James Davies

Personal information
- Date of birth: 1845
- Place of birth: Wales
- Date of death: March 1910 (aged 64–65)
- Place of death: Wrexham, Wales

Senior career*
- Years: Team / Apps / (Gls)
- 1874-1881: Wrexham

International career
- 1878: Wales / 1 / (0)

= James Davies (footballer, born 1845) =

Welsh footballer

James Davies (1845–1910) was a Welsh international footballer. He was part of the Wales national football team, playing 1 match on 23 March 1878 against Scotland.

==Career==
At club level James Davies played for Wrexham. He scored the winning goal in the first Welsh Cup Final, when Wrexham defeated Druids 1–0 at Acton Park, Wrexham.

In September 1890, Davies became Chairman of the Welsh League. Davies also acted as local referee.
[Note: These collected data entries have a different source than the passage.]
(* Let $A=(\Sigma, Q, Q_0, \delta, F)$ be an $n$-state NFA that remembers the last symbol. For each symbol $a \in \Sigma$, let $Q_a=\bigcup_{q\in Q}\delta(q,a) \subseteq Q$ be the set of states reachable by a transition by $a$, and let $n_1 = \max_{a \in \Sigma} |Q_a|$. Then there exists a DFA with at most $\max(2^{\frac{n}{2}+1}, 2^{n_1+1})$ states that recognizes $L(A)$.
   Context: An NFA is a quintuple $(\Sigma,Q,Q_0,\delta,F)$ with finite alphabet $\Sigma$, finite state set $Q$, set of initial states $Q_0\subseteq Q$, transition function $\delta\colon Q\times\Sigma\to 2^Q$ and accepting states $F\subseteq Q$; $L(A)$ is the set of strings having an accepting computation. A DFA is an NFA with one initial state and exactly one transition from each state by each symbol. An NFA remembers the last symbol if its state set is a disjoint union of subsets $P_a$ ($a\in\Sigma$) with $\delta(q,a)\subseteq P_a$ for all $q\in Q$, $a\in\Sigma$. *)

From mathcomp Require Import all_boot.
Set Implicit Arguments. Unset Strict Implicit. Unset Printing Implicit Defensive.

Record nfa (Sigma Q : finType) := NFA {
  nfa_init  : {set Q};
  nfa_delta : Q -> Sigma -> {set Q};
  nfa_final : {set Q} }.

Fixpoint nfa_run (Sigma Q : finType) (A : nfa Sigma Q) (p : Q)
    (w : seq Sigma) (qs : seq Q) : bool :=
  match w, qs with
  | [::], [::] => true
  | a :: w', q :: qs' => (q \in nfa_delta A p a) && nfa_run A q w' qs'
  | _, _ => false
  end.

Definition nfa_accepts (Sigma Q : finType) (A : nfa Sigma Q) (w : seq Sigma) : Prop :=
  exists q0, exists qs, [/\ q0 \in nfa_init A, nfa_run A q0 w qs &
                           last q0 qs \in nfa_final A].

Definition remembers_last_symbol (Sigma Q : finType) (A : nfa Sigma Q) : Prop :=
  exists P : Sigma -> {set Q},
    [/\ (forall a b, a != b -> [disjoint P a & P b]),
        \bigcup_(a : Sigma) P a = [set: Q] &
        forall q a, nfa_delta A q a \subset P a].

Definition reach_by (Sigma Q : finType) (A : nfa Sigma Q) (a : Sigma) : {set Q} :=
  \bigcup_(q : Q) nfa_delta A q a.

Record dfa (Sigma : finType) (m : nat) := DFA {
  dfa_start : 'I_m;
  dfa_step  : 'I_m -> Sigma -> 'I_m;
  dfa_final : {set 'I_m} }.

Definition dfa_accepts (Sigma : finType) (m : nat) (D : dfa Sigma m) (w : seq Sigma) : Prop :=
  foldl (dfa_step D) (dfa_start D) w \in dfa_final D.

From mathcomp Require Import all_boot zify.
Set Implicit Arguments.
Unset Strict Implicit.
Unset Printing Implicit Defensive.

(* Determinize by the subset construction.  After a nonempty word ending with
   a, the current subset lies inside Q_a, so besides the initial set only
   subsets of the Q_a are visited: at most 2 + sum_a (2^k_a - 1) states, where
   k_a = |Q_a|.  Since Q_a lies in the block P_a, sum_a k_a <= n, and
   k_a <= n1.  As (2^k - 1)/k is nondecreasing in k, the sum is at most
   n (2^c - 1)/c for every c >= n1; c = n1 when n <= 2 n1 and c = n/2
   (rounded down) otherwise yield the two bounds. *)

Lemma pred_exp2_ratio_mono k c : k <= c -> c * (2 ^ k - 1) <= k * (2 ^ c - 1).
Proof.
elim: c => [|c IHc]; first by rewrite leqn0 => /eqP->.
rewrite leq_eqVlt => /orP[/eqP->|]; first by rewrite mulnC.
rewrite ltnS => le_kc; have := IHc le_kc; have : 0 < 2 ^ c by rewrite expn_gt0.
have : 2 ^ k <= 2 ^ c by rewrite leq_exp2l.
rewrite expnS; case: k {IHc} le_kc => [|k] le_kc; first by rewrite subnn !muln0.
nia.
Qed.

Lemma sum_pred_exp2_le (I : finType) (k : I -> nat) n c :
  \sum_i k i <= n -> (forall i, k i <= c) ->
  c * \sum_i (2 ^ k i - 1) <= n * (2 ^ c - 1).
Proof.
move=> sum_le k_le; rewrite big_distrr /=.
apply: (@leq_trans (\sum_i k i * (2 ^ c - 1))).
  by apply: leq_sum => i _; apply: pred_exp2_ratio_mono.
by rewrite -big_distrl leq_mul2r sum_le orbT.
Qed.

Lemma pred_exp2_bound_even c n S :
  0 < c -> n <= c.*2 -> c * S <= n * (2 ^ c - 1) -> S + 2 <= 2 ^ c.+1.
Proof.
move=> c_gt0 le_n_2c le_cS; have : 0 < 2 ^ c by rewrite expn_gt0.
have : c * S <= c * (2 * (2 ^ c - 1)).
  rewrite mulnA [c * 2]mulnC mul2n (leq_trans le_cS) //.
  by rewrite leq_mul2r le_n_2c orbT.
by rewrite leq_pmul2l // expnS; lia.
Qed.

Lemma pred_exp2_bound_odd c S :
  0 < c -> c * S <= c.*2.+1 * (2 ^ c - 1) -> (S + 2) ^ 2 <= 2 ^ (c.*2.+1 + 2).
Proof.
move=> c_gt0 le_cS.
have -> : 2 ^ (c.*2.+1 + 2) = 8 * (2 ^ c) ^ 2.
  by rewrite addSn addn2 -addn3 expnD -muln2 expnM mulnC.
have : 2 <= 2 ^ c by rewrite -{1}(expn1 2) leq_exp2l.
case: c c_gt0 le_cS => [|[|c]] //= _ le_cS le2X.
  have : S + 2 <= 5 by lia.
  by move=> le5; have := leq_mul le5 le5; rewrite -mulnn; lia.
move: le2X le_cS; set X := 2 ^ c.+2 => le2X le_cS.
(* Squaring 2 (S + 2) <= 5 X leaves room since 5^2 <= 4 * 8. *)
have le_2S : 2 * (S + 2) <= 5 * X by nia.
have := leq_mul le_2S le_2S; rewrite -mulnn; nia.
Qed.

Lemma sum_pred_exp2_bound (I : finType) (k : I -> nat) n n1 :
    \sum_i k i <= n -> (forall i, k i <= n1) ->
  let S := \sum_i (2 ^ k i - 1) in
  (S + 2) ^ 2 <= 2 ^ (n + 2) \/ S + 2 <= 2 ^ n1.+1.
Proof.
move=> sum_le k_le S.
have le_cS c : n1 <= c -> c * S <= n * (2 ^ c - 1).
  by move=> le_n1c; apply: sum_pred_exp2_le => // i; apply: leq_trans le_n1c.
have [n1_0 | n1_gt0] := posnP n1.
  right; suff -> : S = 0 by rewrite n1_0.
  by apply: big1 => i _; move: (k_le i); rewrite n1_0 leqn0 => /eqP->.
have [le_n_2n1 | lt_2n1_n] := leqP n n1.*2.
  by right; apply: pred_exp2_bound_even n1_gt0 le_n_2n1 (le_cS _ (leqnn _)).
left; set c := n./2.
have n_eq : n = c.*2 + odd n by rewrite addnC odd_double_half.
have le_n1c : n1 <= c by lia.
have c_gt0 : 0 < c by apply: leq_trans le_n1c.
move: (le_cS c le_n1c); rewrite n_eq; case: (odd n) => [|] le_cS'.
  by rewrite addn1 in le_cS' *; apply: pred_exp2_bound_odd.
rewrite addn0 in le_cS' *.
have := pred_exp2_bound_even c_gt0 (leqnn _) le_cS'.
by rewrite -(leq_exp2r _ _ (ltn0Sn 1)) -expnM !addn2 muln2 doubleS.
Qed.

Lemma leq_card_bigcup (I T : finType) (F : I -> {set T}) :
  #|\bigcup_i F i| <= \sum_i #|F i|.
Proof.
elim/big_ind2: _ => [|m1 X1 m2 X2 le1 le2|//]; first by rewrite cards0.
exact: leq_trans (leq_card_setU X1 X2).1 (leq_add le1 le2).
Qed.

Lemma card_bigcup_powerset (I T : finType) (F : I -> {set T}) :
  #|\bigcup_i powerset (F i)| <= (\sum_i (2 ^ #|F i| - 1)).+1.
Proof.
have sub : \bigcup_i powerset (F i)
    \subset set0 |: \bigcup_i (powerset (F i) :\ set0).
  apply/subsetP => X /bigcupP[i _ XsubF]; apply/setU1P.
  have [-> | X_neq0] := eqVneq X set0; [by left | right].
  by apply/bigcupP; exists i; rewrite // in_setD1 X_neq0.
apply: leq_trans (subset_leq_card sub) _; rewrite cardsU1 -add1n.
apply: leq_add; first exact: leq_b1.
apply: leq_trans (leq_card_bigcup _) _; apply: leq_sum => i _.
have := cardsD1 set0 (powerset (F i)).
by rewrite card_powerset powersetE sub0set => ->; rewrite addKn.
Qed.

Section SubsetConstruction.
Variables (Sigma Q : finType) (A : nfa Sigma Q).

Definition nfa_step (X : {set Q}) (a : Sigma) : {set Q} :=
  \bigcup_(q in X) nfa_delta A q a.

Lemma nfa_step_sub_reach X a : nfa_step X a \subset reach_by A a.
Proof. by apply/bigcupsP => q _; apply: (bigcup_max q). Qed.

Lemma mem_foldl_nfa_step w X q :
  q \in foldl nfa_step X w <->
  exists p, exists qs, [/\ p \in X, nfa_run A p w qs & last p qs = q].
Proof.
elim: w X => [|a w IHw] X /=.
  split=> [Xq | [p [qs [pX + <-]]]]; first by exists q, [::].
  by case: qs.
rewrite IHw; split=> [[p' [qs [/bigcupP[p pX p'_delta] run_p' <-]]] | ].
  by exists p, (p' :: qs); rewrite /= p'_delta.
move=> [p [[|p' qs] [pX //= /andP[p'_delta run_p'] <-]]].
by exists p', qs; split=> //; apply/bigcupP; exists p.
Qed.

Lemma nfa_acceptsE w :
  nfa_accepts A w <-> foldl nfa_step (nfa_init A) w :&: nfa_final A != set0.
Proof.
split=> [[p [qs [p_init run_p final_last]]] | /set0Pn[q /setIP[]]].
  apply/set0Pn; exists (last p qs); rewrite inE final_last andbT.
  by apply/mem_foldl_nfa_step; exists p, qs.
move=> /mem_foldl_nfa_step[p [qs [p_init run_p <-]]] final_last.
by exists p, qs.
Qed.

Lemma dfa_of_step_closed (R : {set {set Q}}) :
    nfa_init A \in R -> (forall X a, X \in R -> nfa_step X a \in R) ->
  exists D : dfa Sigma #|R|, forall w, dfa_accepts D w <-> nfa_accepts A w.
Proof.
move=> R_init R_step.
pose D := DFA (enum_rank_in R_init (nfa_init A))
  (fun i a => enum_rank_in R_init (nfa_step (enum_val i) a))
  [set i | enum_val i :&: nfa_final A != set0].
have run_D w i :
    enum_val (foldl (dfa_step D) i w) = foldl nfa_step (enum_val i) w.
  elim: w i => [|a w IHw] i //=.
  by rewrite IHw /= enum_rankK_in // R_step // enum_valP.
by exists D => w; rewrite nfa_acceptsE /dfa_accepts inE run_D enum_rankK_in.
Qed.

End SubsetConstruction.

Section LastSymbol.
Variables (Sigma Q : finType) (A : nfa Sigma Q).

Lemma sum_card_reach_by :
  remembers_last_symbol A -> \sum_a #|reach_by A a| <= #|Q|.
Proof.
move=> [P [disjP coverP subP]].
have -> : #|Q| = \sum_a #|P a|.
  rewrite -cardsT -coverP -sum1_card (partition_disjoint_bigcup _ _ disjP).
  by apply: eq_bigr => a _; rewrite sum1_card.
by apply: leq_sum => a _; apply/subset_leq_card/bigcupsP => q _; apply: subP.
Qed.

Definition reach_subsets : {set {set Q}} :=
  nfa_init A |: \bigcup_a powerset (reach_by A a).

Lemma nfa_step_in_reach_subsets X a : nfa_step A X a \in reach_subsets.
Proof.
apply/setU1P; right; apply/bigcupP; exists a => //.
by rewrite powersetE nfa_step_sub_reach.
Qed.

Lemma card_reach_subsets :
  #|reach_subsets| <= \sum_a (2 ^ #|reach_by A a| - 1) + 2.
Proof.
rewrite cardsU1 addn2 -add1n; apply: leq_add; first exact: leq_b1.
exact: card_bigcup_powerset.
Qed.

End LastSymbol.

Theorem lemma2 (Sigma Q : finType) (A : nfa Sigma Q) :
  remembers_last_symbol A ->
  let n := #|Q| in
  let n1 := \max_(a : Sigma) #|reach_by A a| in
  exists m : nat, exists D : dfa Sigma m,
    ((m ^ 2 <= 2 ^ (n + 2)) \/ (m <= 2 ^ n1.+1)) /\
    (forall w : seq Sigma, dfa_accepts D w <-> nfa_accepts A w).
Proof.
move=> last_symbol n n1.
have [D accepts_D] := dfa_of_step_closed (setU11 _ _)
  (fun X a _ => nfa_step_in_reach_subsets A X a).
exists #|reach_subsets A|, D; split=> //.
have [bound | bound] := sum_pred_exp2_bound (sum_card_reach_by last_symbol)
  (@leq_bigmax _ (fun a => #|reach_by A a|)); [left | right].
  by apply: leq_trans bound; rewrite leq_exp2r // card_reach_subsets.
exact: leq_trans (card_reach_subsets A) bound.
Qed.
Davies became President of the Football Association of Wales in September 1891.

==Personal life==
Davies lived in Percy Road, Wrexham and was employed as a Stonemason who worked at the old Beast Market. He was also part of the volunteer fire service and a member of Wrexham Cricket Club.

==Honours==
===Wrexham===

- Welsh Cup
  - Winners: 1877–78

==See also==
- List of Wales international footballers (alphabetical)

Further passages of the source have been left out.